Когда-то я думала, что наша Васильевка – это та самая Васильевка, которую любил и описывал в своих книгах гениальный писатель Николай Гоголь. В Васильевке у него было маленькое «имение» – беленькая хатка под соломенной крышей. И я гордилась тем, что моя бабушка и Гоголь – земляки. Я как-то спросила бабушку, когда мы шли с ней по Васильевке: «А где тут хата Гоголя?» Бабушка весьма удивилась моему вопросу. Оказалось, наша Васильевка – это совсем не та Васильевка, что у Гоголя. Сначала я огорчилась, а потом подумала: ну что ж, у него – своя Васильевка, а у нас – своя. Но любить нашу Васильевку меньше я от этого не стала.

* * *

Мы останавливаемся всегда у бабушки Моти – в глиняной, белёнькой хате, крытой почерневшей соломой. Эта хата – «родовое поместье» семьи Волконских. Правда, сейчас эта хата в два раза больше, чем была когда-то. (Не помню уж, кто её достраивал и когда). А в пору бабушкиного детства хатка была совсем маленькая: тёмные, тесные сенцы, кладовая с крошечным, подслеповатым окошком, кухонька с русской печкой и небольшая комната. Вот и всё «поместье». И мне удивительно, как здесь могла помещаться вся их большая семья: отец Лаврентий (мой прадед), мать Параскева (моя прабабка), старенький дедушка на печи и семеро детей: два сына и пятеро дочерей. Хима была старшей, она родилась в далёком девятнадцатом веке, да и пятеро других детей тоже, и только моя бабушка, которая была самой младшей, родилась в самом начале двадцатого века.
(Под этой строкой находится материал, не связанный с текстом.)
(* For $\epsilon\in\mathbb{R}$ let $$\widetilde{\Phi}_{2,\epsilon}(x,y)=\left(\frac{(\epsilon^{2}-1)x+2\epsilon y}{2\epsilon x-2\epsilon^{2}y-\epsilon^{2}-1},\ \frac{-2\epsilon x+(\epsilon^{2}-1)y}{2\epsilon x-2\epsilon^{2}y-\epsilon^{2}-1}\right).$$ Then $\widetilde{\Phi}_{2,\epsilon}$ preserves the fibration defined by the pencil of conics $C_{2,h}=\{x^2+y^2-h(1+y)^2=0\}$. A proper parametrization of each curve $C_{2,h}$ is $$P_{2,h}(t)=\left(-\frac{2(ht-\sqrt{h})}{-1+(h-1)t^{2}}+\sqrt{h},\ -\frac{2t(ht-\sqrt{h})}{-1+(h-1)t^{2}}\right),$$ with inverse $$P_{2,h}^{-1}(x,y)=\frac{\sqrt{h}\,x+(h-1)y+h}{(h-1)x+\sqrt{h}(h-1)y+\sqrt{h}(h+1)}.$$ On each curve $C_{2,h}$, $\widetilde{\Phi}_{2,\epsilon}|_{C_{2,h}}$ is conjugate via $P_{2,h}$ to the M\''obius map $$M_{2,h}(t)=\frac{(1-\epsilon\sqrt{h})t+\epsilon}{-\epsilon(h+1)t+\epsilon\sqrt{h}+1}.$$ For a fixed $\epsilon$, on each closed curve $C_{2,h}$ the map $\widetilde{\Phi}_{2,\epsilon}$ is conjugate to a rotation with constant rotation number $\rho_\epsilon=\frac{1}{2\pi}\arg\left(\frac{1-\epsilon^{2}+2i\epsilon}{1+\epsilon^{2}}\right)$.
   Context: $\widetilde{\Phi}_{2,\epsilon}$ is the pseudo-KHK map of the vector field $\dot x=-y+x^2$, $\dot y=x(1+y)$. A parametrization $P:\mathbb{R}\to C$ of a curve $C$ by rational functions is proper if it is birational onto $C$ (its inverse is rational). Conjugate via $P_{2,h}$ means $M_{2,h}=P_{2,h}^{-1}\circ\widetilde{\Phi}_{2,\epsilon}|_{C_{2,h}}\circ P_{2,h}$. $\arg$ takes values in $[0,2\pi)$. *)

From Stdlib Require Import Reals ClassicalEpsilon.
From Coquelicot Require Import Coquelicot.
Open Scope R_scope.

Definition Phi_den (e : R) (p : R * R) : R :=
  let (x, y) := p in 2 * e * x - 2 * e ^ 2 * y - e ^ 2 - 1.

Definition Phi2 (e : R) (p : R * R) : R * R :=
  let (x, y) := p in
  (((e ^ 2 - 1) * x + 2 * e * y) / Phi_den e (x, y),
   (- 2 * e * x + (e ^ 2 - 1) * y) / Phi_den e (x, y)).

Definition C2 (h : R) (p : R * R) : Prop :=
  let (x, y) := p in x ^ 2 + y ^ 2 - h * (1 + y) ^ 2 = 0.

Definition P_den (h t : R) : R := -1 + (h - 1) * t ^ 2.

Definition P2 (h t : R) : R * R :=
  (- (2 * (h * t - sqrt h)) / P_den h t + sqrt h,
   - (2 * t * (h * t - sqrt h)) / P_den h t).

Definition Pinv_den (h : R) (p : R * R) : R :=
  let (x, y) := p in (h - 1) * x + sqrt h * (h - 1) * y + sqrt h * (h + 1).

Definition Pinv2 (h : R) (p : R * R) : R :=
  let (x, y) := p in (sqrt h * x + (h - 1) * y + h) / Pinv_den h (x, y).

Definition M_den (e h t : R) : R := - e * (h + 1) * t + e * sqrt h + 1.

Definition M2 (e h t : R) : R := ((1 - e * sqrt h) * t + e) / M_den e h t.

Definition carg (z : C) : R :=
  epsilon (inhabits 0%R)
    (fun th => 0 <= th < 2 * PI /\ z = (Cmod z * cos th, Cmod z * sin th)).

Definition rho (e : R) : R :=
  carg ((RtoC (1 - e ^ 2) + RtoC (2 * e) * Ci) / RtoC (1 + e ^ 2))%C / (2 * PI).

Definition S1 (q : R * R) : Prop := let (u, v) := q in u ^ 2 + v ^ 2 = 1.

Definition rot (th : R) (q : R * R) : R * R :=
  let (u, v) := q in (cos th * u - sin th * v, sin th * u + cos th * v).

Definition continuous_on_set (D : R * R -> Prop) (f : R * R -> R * R) : Prop :=
  forall p, D p -> filterlim f (within D (locally p)) (locally (f p)).

Definition conj_to_rotation (D : R * R -> Prop) (F : R * R -> R * R) (th : R) : Prop :=
  exists psi chi : R * R -> R * R,
    (forall p, D p -> S1 (psi p)) /\
    (forall q, S1 q -> D (chi q)) /\
    (forall p, D p -> chi (psi p) = p) /\
    (forall q, S1 q -> psi (chi q) = q) /\
    continuous_on_set D psi /\
    continuous_on_set S1 chi /\
    (forall p, D p -> psi (F p) = rot th (psi p)).

From Stdlib Require Import Reals Lra Psatz ClassicalEpsilon.
From Coquelicot Require Import Coquelicot.
Open Scope R_scope.

(** The conic [x^2 + y^2 = h (1 + y)^2] has its focus at the origin and
    directrix [y = -1].  In the homogeneous coordinates [(x : y : 1 + y)] the
    map [Phi2 e] acts as [(x, y, w) |-> (R (x, y), w)], where [R] is the
    rotation with cosine [(1 - e^2)/(1 + e^2)] and sine [2e/(1 + e^2)], i.e. by
    the angle [2 pi rho e].  Hence it preserves [x^2 + y^2 - h w^2] up to a
    square factor, and for [h < 1] the radial projection from the focus,
    [(x, y) |-> (x, y) / (sqrt h (1 + y))], is a homeomorphism of the ellipse
    onto the unit circle conjugating [Phi2 e] to that rotation.  The statements
    about the parametrization and the Moebius map are rational identities,
    holding on the conic for [P2 (Pinv2 p) = p]. *)

Definition conic_poly (h : R) (p : R * R) : R :=
  let (x, y) := p in x ^ 2 + y ^ 2 - h * (1 + y) ^ 2.

Lemma conic_poly_Phi2 e h p : Phi_den e p <> 0 ->
  conic_poly h (Phi2 e p) = (1 + e ^ 2) ^ 2 * conic_poly h p / Phi_den e p ^ 2.
Proof. destruct p as [x y]; unfold conic_poly, Phi2, Phi_den; intros D; field; exact D. Qed.

Lemma Phi2_C2 e h p : C2 h p -> Phi_den e p <> 0 -> C2 h (Phi2 e p).
Proof.
intros Hp D; destruct p as [x y].
assert (Hq := conic_poly_Phi2 e h (x, y) D); unfold conic_poly in Hq.
destruct (Phi2 e (x, y)) as [u v]; unfold C2 in *.
rewrite Hq, Hp; field; exact D.
Qed.

Ltac abstract_sqrt h :=
  let s := fresh "s" in
  assert (Hsqrt : sqrt h * sqrt h = h) by (apply sqrt_sqrt; lra);
  set (s := sqrt h) in *; clearbody s; subst h.

Lemma P2_C2 h t : 0 <= h -> P_den h t <> 0 -> C2 h (P2 h t).
Proof. intros Hh; unfold C2, P2, P_den; abstract_sqrt h; intros Pd; field; exact Pd. Qed.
И так же, как в пору бабушкиного детства, под окошками хаты цветут розовые и тёмно-вишнёвые мальвы, с нежным, сухим запахом…

Нынче, кроме бабушки Моти, в родовом гнезде живут только её дочь Зоя и внук Мыкола, он же – Николай. Тётя Зоя работает в колхозе птичницей. Она ровесница моей мамы, ей тридцать с небольшим, но она очень замучена работой и выглядит лет на двадцать старше своих лет. Мыкола – тёти-Зоин сын, то есть мой троюродный брат, на два года старше меня. Это молчаливый, угрюмый подросток, он смотрит на меня исподлобья, почти враждебно – как на пришелицу из другого мира. Я – городская, другая, чуждая ему, со мной не о чём говорить. Дружбы у нас с ним не получается. Да я почти и не вижу его никогда – он целыми днями носится где-то с пацанами.

Отца у Мыколы нет, много лет назад он уехал на заработки – и сгинул, пропал где-то. Тётя Зоя погоревала-погоревала – и смирилась с долей «соломенной вдовы».

* * *

…И как только мы с бабушкой приезжаем, тут же из хаты, что через дорогу, семенит, опираясь на кривую палочку, согнутая в три погибели старенькая бабушка Хима – старшая бабушкина сестра. У них разница в возрасте ровно двадцать лет: одной – шестьдесят, а другой – уже восемьдесят. От всей семьи Волконских их осталось только три сестры: Дарья, Матрёна и Евхимия.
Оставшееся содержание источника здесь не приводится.